Dalam aksi tersebut, Jenderal Lapangan Koalisi Lintas Mahasiswa, Irwansyah, menegaskan bahwa kedatangan mahasiswa merupakan bentuk kontrol publik atas proses penegakan hukum yang dinilai belum menyentuh seluruh pihak yang diduga terlibat.
“Kami datang bukan untuk mengintervensi hukum, tetapi untuk mengingatkan Kejati Sulsel agar serius dan transparan. Dugaan korupsi pengadaan hibah bibit murbei di Kabupaten Wajo Tahun Anggaran 2020 dan 2022 tidak bisa berhenti pada satu orang tersangka saja,” tegas Irwansyah dalam orasinya.
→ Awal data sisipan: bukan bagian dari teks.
Lemma comm_form_expansion n g ls : comm_form n g ->
  disjoint_families ls n -> (forall k, k < n -> uniq (ls k))%N ->
  exists E, expansion n g ls E.
Proof.
move=> form; elim: form ls => [|n1 n2 g1 g2 s _ _ form1 IH1 form2 IH2] ls disj uls.
  by exists [seq Letter y | y <- ls 0%N]; apply/expansion_letter/uls.
have lt1 k : (k < n1)%N -> (perm_nat s k < n1 + n2)%N.
  by move=> lt_k; rewrite perm_nat_lt ?ltn_addr.
have lt2 k : (k < n2)%N -> (perm_nat s (n1 + k) < n1 + n2)%N.
  by move=> lt_k; rewrite perm_nat_lt ?ltn_add2l.
have [E1 exp1] : exists E, expansion n1 g1 (fun k => ls (perm_nat s k)) E.
  apply: IH1 => [k1 k2 y lt_k1 lt_k2 y1 y2|k /lt1 /uls //].
  apply: (@perm_nat_inj _ s); rewrite ?ltn_addr //.
  exact: disj (lt1 _ lt_k1) (lt1 _ lt_k2) y1 y2.
have [E2 exp2] : exists E, expansion n2 g2 (fun k => ls (perm_nat s (n1 + k))) E.
  apply: IH2 => [k1 k2 y lt_k1 lt_k2 y1 y2|k /lt2 /uls //].
  apply/(@addnI n1)/(@perm_nat_inj _ s); rewrite ?ltn_add2l //.
  exact: disj (lt2 _ lt_k1) (lt2 _ lt_k2) y1 y2.
by exists (comm_expansion E1 E2); apply: expansion_comm.
Qed.

End Expansion.

Section Slots.
Variable m : nat -> nat.

Definition slot_letters j : seq (nat * nat) := [seq (j, i) | i <- iota 0 (m j)].

Lemma slot_lettersP j p : reflect (p.1 = j /\ (p.2 < m j)%N) (p \in slot_letters j).
Proof.
apply: (iffP mapP) => [[i + ->]|[<- lt_p]]; first by rewrite mem_iota.
by exists p.2; rewrite ?mem_iota // -surjective_pairing.
Qed.

Lemma slot_letters_uniq j : uniq (slot_letters j).
Proof. by rewrite map_inj_uniq ?iota_uniq // => ? ? []. Qed.

Lemma slot_letters_disjoint n : disjoint_families slot_letters n.
Proof. by move=> k1 k2 y _ _ /slot_lettersP [<- _] /slot_lettersP []. Qed.

Lemma is_choice_slots n (ii : nat -> nat) :
  (forall j, j < n -> ii j < m j)%N -> is_choice slot_letters n (fun j => (j, ii j)).
Proof. by move=> lt_ii j /lt_ii lt_j; apply/slot_lettersP. Qed.

Lemma is_choice_slotsE n g c : comm_form n g -> is_choice slot_letters n c ->
  (forall j, j < n -> (c j).2 < m j)%N /\ fc_map c g = form_apply g (fun j => (j, (c j).2)).
Proof.
move=> form ch; have cE j : (j < n)%N -> (c j).1 = j /\ ((c j).2 < m j)%N.
  by move/ch/slot_lettersP.
split=> [j /cE [] //|]; apply: eq_in_fc_map (comm_form_letters form) => j /cE [ej _].
by rewrite -[X in (X, _)]ej -surjective_pairing.
Qed.
(* Let $(\Xi,\mathcal G,\mathbb Q)$ be a probability space, $W^1=(W^1_t)_{0\le t\le T}$ and $W^2=(W^2_t)_{0\le t\le T}$ two independent identically distributed $\mathbb R^m$-valued processes with continuous trajectories and $\mathbb E_{\mathbb Q}[\sup_{t\le T}|W^1_t|^q]<\infty$, and let $(W^{i,j}_{s,t})_{0\le s\le t\le T}$, $i,j=1,2$, be four $\mathbb R^{m\times m}$-valued continuous two-parameter processes with $\mathbb E_{\mathbb Q}[\sup_{s\le t}|W^{i,j}_{s,t}|^q]<\infty$, such that $(W^1,W^{1,1})$ is independent of $W^2$ and, for $\mathbb Q$-a.e. $\xi$, $W^{i,j}_{r,t}(\xi)=W^{i,j}_{r,s}(\xi)+W^{i,j}_{s,t}(\xi)+W^i_{r,s}(\xi)\otimes W^j_{s,t}(\xi)$ for all $i,j\in\{1,2\}$ and $0\le r\le s\le t\le T$. For $i=1,2$ and $n\ge0$ let $W^{i,n}$ be the linear interpolation of $W^i$ at the dyadic points $t^k_n=kT/2^n$: $$W^{i,n}_t(\xi)=\sum_{k=0}^{2^n-1}\Big(W^i_{t^k_n}(\xi)+W^i_{t^k_n,t^{k+1}_n}(\xi)\frac{2^n(t-t^k_n)}{T}\Big)\mathbf 1_{[t^k_n,t^{k+1}_n)}(t).$$ If for $\mathbb Q$-a.e. $\xi\in\Xi$, for all $(s,t)\in\mathcal S_2^T$, $$W^{2,1}_{s,t}(\xi)=\lim_{n\to\infty}\int_s^t\big(W^{2,n}_r(\xi)-W^{2,n}_s(\xi)\big)\otimes dW^{1,n}_r(\xi),$$ then there exists a measurable function $\mathcal I:C([0,T];\mathbb R^m)^2\to C(\mathcal S_2^T;\mathbb R^m\otimes\mathbb R^m)$ such that $\mathbb Q\big(\{\xi\in\Xi:W^{2,1}(\xi)=\mathcal I(W^2(\xi),W^1(\xi))\}\big)=1$.
   Context: $T>0$, $m\ge1$, $q\ge 1$ fixed; $\mathcal S_2^T=\{(s,t)\in[0,T]^2:s\le t\}$; for a path $f$, $f_{s,t}=f_t-f_s$. The integral in the hypothesis is a Riemann–Stieltjes integral against the piecewise linear path $W^{1,n}$. *)

From HB Require Import structures.
From mathcomp Require Import all_boot all_order all_algebra.
From mathcomp Require Import all_classical all_reals all_analysis.
Set Implicit Arguments. Unset Strict Implicit. Unset Printing Implicit Defensive.
Import Order.TTheory GRing.Theory Num.Theory.
Import numFieldNormedType.Exports.
Local Open Scope classical_set_scope.
Local Open Scope ring_scope.

(* Conventions: R^m is represented by row vectors 'rV[R]_m, R^m (x) R^m by
   'M[R]_m, and a (x) b := a^T *m b, so that (a (x) b) i j = a_i b_j. *)

Section Paths.
Variables (R : realType) (T : R) (m : nat).

Definition S2 : set (R * R) := [set p | 0 <= p.1 /\ p.1 <= p.2 /\ p.2 <= T].

Definition cpath := {f : R -> 'rV[R]_m | {within `[0, T], continuous f}}.

Lemma cst_cpath : {within `[0, T], continuous (fun _ : R => (0 : 'rV[R]_m))}.
Proof. apply: continuous_subspaceT => x; exact: cvg_cst. Qed.

HB.instance Definition _ := gen_eqMixin cpath.
HB.instance Definition _ := gen_choiceMixin cpath.
HB.instance Definition _ := isPointed.Build cpath (exist _ _ cst_cpath).

Definition c2path := {g : R * R -> 'M[R]_m | {within S2, continuous g}}.

Lemma cst_c2path : {within S2, continuous (fun _ : R * R => (0 : 'M[R]_m))}.
Proof. apply: continuous_subspaceT => x; exact: cvg_cst. Qed.

HB.instance Definition _ := gen_eqMixin c2path.
HB.instance Definition _ := gen_choiceMixin c2path.
HB.instance Definition _ := isPointed.Build c2path (exist _ _ cst_c2path).

(** Borel sigma-algebras of these (separable Banach, sup-norm) spaces, i.e.
    the sigma-algebras generated by the coordinate evaluations. *)
Definition cpath_gens : set (set cpath) :=
  [set A | exists (t : R) (i : 'I_m) (B : set R),
     [/\ 0 <= t <= T, measurable B & A = (fun f : cpath => sval f t ord0 i) @^-1` B]].

Definition c2path_gens : set (set c2path) :=
  [set A | exists (p : R * R) (i j : 'I_m) (B : set R),
     [/\ S2 p, measurable B & A = (fun g : c2path => sval g p i j) @^-1` B]].
(* Pairing [tang P Q] and [tang Q P] with the poles gives
   l2 <m1,m2> = <P,Q> l1 k and l1 <m1,m2> = <P,Q> l2 k; since <m1,m2> < 0 < k and
   <P,Q> <= -1, this forces l2 = l1. *)
Lemma common_perp_poles P Q m1 m2 l1 l2 k : inH P -> inH Q -> P <> Q ->
  tang P Q = vscale l1 m1 -> tang Q P = vscale l2 m2 ->
  mink P m1 = 0 -> mink Q m2 = 0 ->
  mink m1 m1 = k -> mink m2 m2 = k -> 0 < k -> mink m1 m2 < 0 ->
  l2 = l1 /\ mink P Q * k = mink m1 m2.
Proof.
  intros HP HQ HPQ E1 E2 Pm1 Qm2 k1 k2 Hk Hh.
  pose proof (mink_inH_le P Q HP HQ) as Hg.
  assert (S1 : l2 * mink m1 m2 = mink P Q * (l1 * k)).
  { rewrite (mink_sym m1 m2), <- k1, <- (mink_vscalel l2 m2 m1), <- (mink_vscalel l1 m1 m1).
    rewrite <- E1, <- E2, !mink_tang, Pm1, (mink_sym Q P); ring. }
  assert (S2 : l1 * mink m1 m2 = mink P Q * (l2 * k)).
  { rewrite <- k2, <- (mink_vscalel l1 m1 m2), <- (mink_vscalel l2 m2 m2).
    rewrite <- E1, <- E2, !mink_tang, Qm2, (mink_sym Q P); ring. }
  assert (Hl1 : l1 <> 0).
  { intros ->; apply HPQ.
    assert (EQ : Q = vscale (- mink P Q) P).
    { destruct (vec3_coords _ _ E1) as (F0 & F1 & F2); unfold tang in F0, F1, F2.
      rewrite (mink_sym Q P) in F0, F1, F2; simpl in F0, F1, F2; vec3_eq; lra. }
    assert (Hg1 : mink P Q = -1).
    { pose proof (proj1 HQ) as QQ; rewrite EQ in QQ at 1 2.
      rewrite mink_vscalel, mink_vscaler, (proj1 HP) in QQ; nra. }
    rewrite EQ, Hg1; vec3_eq; ring. }
  assert (Hl : l2 = l1).
  { assert (Sq : (l1 - l2) * (l1 + l2) * mink m1 m2 = 0).
    { transitivity (l1 * (l1 * mink m1 m2) - l2 * (l2 * mink m1 m2)); [ring|].
      rewrite S1, S2; ring. }
    apply Rmult_integral in Sq as [Sq|Sq]; [|lra].
    apply Rmult_integral in Sq as [Sq|Sq]; [lra|].
    exfalso; assert (l2 = - l1) by lra; subst l2.
    assert (mink m1 m2 = - mink P Q * k) by (apply (Rmult_eq_reg_l l1); [lra | exact Hl1]).
    nra. }
  subst l2; split; [reflexivity|].
  apply (Rmult_eq_reg_l l1); [nra | exact Hl1].
Qed.

Lemma on_seg_sym X A C : on_seg X A C -> on_seg X C A.
Proof.
  intros (s & t & Hs & Ht & ->); exists t, s; repeat split; try assumption.
  vec3_eq; ring.
Qed.

Lemma on_seg_diagonals A B C D X k : det3 A B C <> 0 ->
  vadd B D = vscale k (vadd A C) -> on_seg X A C -> on_seg X B D ->
  exists s, 0 <= s /\ X = vscale s (vadd A C).
Proof.
  intros Hd HBD (s1 & t1 & Hs1 & _ & EX1) (s2 & t2 & _ & _ & EX2).
  destruct (lin_indep3 A B C (s1 - t2 * k) (t2 - s2) (t1 - t2 * k) Hd) as (E1 & _ & E3).
  - destruct (vec3_coords _ _ HBD) as (F0 & F1 & F2).
    rewrite EX1 in EX2; destruct (vec3_coords _ _ EX2) as (G0 & G1 & G2).
    simpl in *; vec3_eq; nra.
  - exists s1; split; [exact Hs1|]; rewrite EX1; vec3_eq; nra.
Qed.
Theorem lemma3p2 (R : realType) (K : knot_group) (p q : int)
  (hpq : coprimez p q) (hq : q != 0) :
  (SU2_cyclic_surgery R K p q ->
     forall theta eta : R, ~ (in_RK_star K theta eta /\ in_S p q theta eta)) /\
  (SO3_cyclic_surgery R K p q ->
     forall theta eta : R, ~ (in_RK_star K theta eta /\ in_S_hat p q theta eta)).
Proof.
split=> cyc theta eta [[RK eta_n2piZ] S]; apply: eta_n2piZ.
  case: S => [|[k Ek]]; first exact: SU2_cyclic_surgery_RK cyc RK.
  apply: (SU2_cyclic_surgery_RK cyc (in_RKDpi RK)); exists k.
  by rewrite -Ek; ring.
exact: SO3_cyclic_surgery_RK cyc RK S.
Qed.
Irwansyah menilai, berdasarkan data di lapangan serta dokumen yang dihimpun mahasiswa, terdapat indikasi kuat keterlibatan PPK, PPTK, serta penyedia pengadaan, khususnya CV Massalangka pada pengadaan Tahun Anggaran 2020.
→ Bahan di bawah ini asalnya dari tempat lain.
(* Let $p$ be a prime, $m\ge 1$ and $r$ integers with $r^p\equiv 1 \pmod m$, and let $G=\langle x, y\mid x^p=y^m=1,\ x^{-1}yx=y^r\rangle$ (so $G\cong C_p\ltimes C_m$ and $|G|=pm$). Assume that $p$ is the smallest prime divisor of $|G|$ and that $\gcd(p(r-1), m)=1$. Then $\mathsf d(G)=m+p-2$.
   Context: A sequence over a finite multiplicatively written group $G$ is a finite unordered list of elements of $G$ with repetition allowed; its length is the number of terms. For a sequence $S=g_1\cdot\ldots\cdot g_\ell$, $\pi(S)=\{g_{\tau(1)}\cdots g_{\tau(\ell)}:\tau \text{ a permutation of } [1,\ell]\}$. $S$ is product-one if $1\in\pi(S)$. The small Davenport constant $\mathsf d(G)$ is the maximal integer $\ell$ such that there is a sequence of length $\ell$ over $G$ having no nonempty product-one subsequence. *)

From mathcomp Require Import all_boot all_order all_algebra all_fingroup.
Set Implicit Arguments. Unset Strict Implicit. Unset Printing Implicit Defensive.
Import GRing.Theory.

Local Open Scope group_scope.

Definition expgz (gT : finGroupType) (y : gT) (r : int) : gT :=
  match r with
  | Posz n => y ^+ n
  | Negz n => (y ^+ n.+1)^-1
  end.

(* Sequences over G are modelled by lists (seq gT) whose terms lie in G;
   all notions below are invariant under permutation, so this models
   unordered sequences (finite multisets). *)

Definition product_one (gT : finGroupType) (S : seq gT) : Prop :=
  exists s' : seq gT, perm_eq s' S /\ \prod_(g <- s') g = 1.

Definition product_one_free (gT : finGroupType) (G : {set gT}) (S : seq gT) : Prop :=
  all (fun g => g \in G) S /\
  forall T : seq gT, subseq T S -> T <> [::] -> ~ product_one T.

Definition is_small_davenport (gT : finGroupType) (G : {set gT}) (n : nat) : Prop :=
  (exists S : seq gT, product_one_free G S /\ size S = n) /\
  (forall S : seq gT, product_one_free G S -> (size S <= n)%N).

From mathcomp Require Import all_boot all_order all_algebra all_fingroup.
From mathcomp Require Import cyclic maximal gseries zify ring boolp.
Set Implicit Arguments. Unset Strict Implicit. Unset Printing Implicit Defensive.

(* Write N = <[y]>, a normal cyclic subgroup of order m and index p.  Since
   r - 1 is prime to m, conjugation by x fixes no nontrivial element of N, and
   as N is a maximal subgroup, no element of G outside N centralises a
   nontrivial element of N.

   The sequence y^(m-1) x^(p-1) is product-one free: modulo N a product-one
   subsequence uses x a multiple of p times, hence not at all, and then it is a
   power y^k with 0 < k < m.

   Conversely, for a product-one free S let X(S) be the set of products (in any
   order) of sub-multisets of S that lie in N; we show |S| + 2 <= |X(S)| + p by
   induction on |S|.  If no nonempty sub-multiset has its product in N, the
   |S| + 1 prefix products of S lie in distinct cosets of N, so |S| < p.
   Otherwise pick a shortest such W, with product v <> 1, and S = W + S'.  The
   conjugates of v by the |W| proper prefix products of W are the products of
   the rotations of W; by minimality and the centraliser property they are
   distinct and nontrivial.  Scherk's theorem in the abelian group N, applied to
   X(S') and 1 together with these conjugates, gives |X(S)| >= |X(S')| + |W|.
   Since |X(S)| <= m, every product-one free S has length at most m + p - 2. *)

Lemma injective_ord_lt (T : eqType) n (f : 'I_n -> T) :
  (forall i j : 'I_n, i < j -> f i != f j) -> injective f.
Proof.
move=> neq i j fij; apply: ord_inj.
by case: (ltngtP i j) => [/neq | /neq | //]; rewrite fij eqxx.
Qed.

Section SubMultiset.
Variable T : eqType.
Implicit Types s t u w : seq T.

Definition submset t s := exists u, perm_eq s (t ++ u).

Lemma submset_nil s : submset [::] s.
Proof. by exists s. Qed.

Lemma submset_trans u t s : submset u t -> submset t s -> submset u s.
Proof.
move=> [t' put] [s' pts]; exists (t' ++ s').
by rewrite (perm_trans pts) // catA perm_cat2r.
Qed.

Lemma perm_submsetr t s s' : perm_eq s s' -> submset t s -> submset t s'.
Proof. by move=> pss' [u ps]; exists u; rewrite -(permPl pss'). Qed.

Lemma submset_cat t1 s1 t2 s2 :
  submset t1 s1 -> submset t2 s2 -> submset (t1 ++ t2) (s1 ++ s2).
Proof.
move=> [u1 p1] [u2 p2]; exists (u1 ++ u2).
by rewrite (perm_trans (perm_cat p1 p2)) // -!catA perm_cat2l perm_catCA.
Qed.

Lemma submset_catr s t : submset s (t ++ s).
Proof. by exists t; rewrite perm_catC. Qed.

Lemma subseq_submset t s : subseq t s -> submset t s.
Proof. by case/perm_to_subseq=> u; exists u. Qed.

Lemma submset_block s i k : submset (take k (drop i s)) s.
Proof.
exists (take i s ++ drop k (drop i s)).
by rewrite -{1}(cat_take_drop i s) -{1}(cat_take_drop k (drop i s)) perm_catCA.
Qed.

Lemma mem_submset t s : submset t s -> {subset t <= s}.
Proof. by move=> [u ps] x xt; rewrite (perm_mem ps) mem_cat xt. Qed.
“Kami mendesak Kejati Sulsel segera menetapkan tersangka PPK, PPTK, dan penyedia CV Massalangka. Jangan sampai hukum hanya tajam ke bawah, tapi tumpul ke atas. Ini menyangkut uang negara,” ujarnya.
Menurut Irwansyah, pengadaan hibah bibit murbei tersebut diduga tidak hanya bermasalah secara administrasi, tetapi juga berdampak langsung terhadap kualitas dan distribusi bibit di lapangan.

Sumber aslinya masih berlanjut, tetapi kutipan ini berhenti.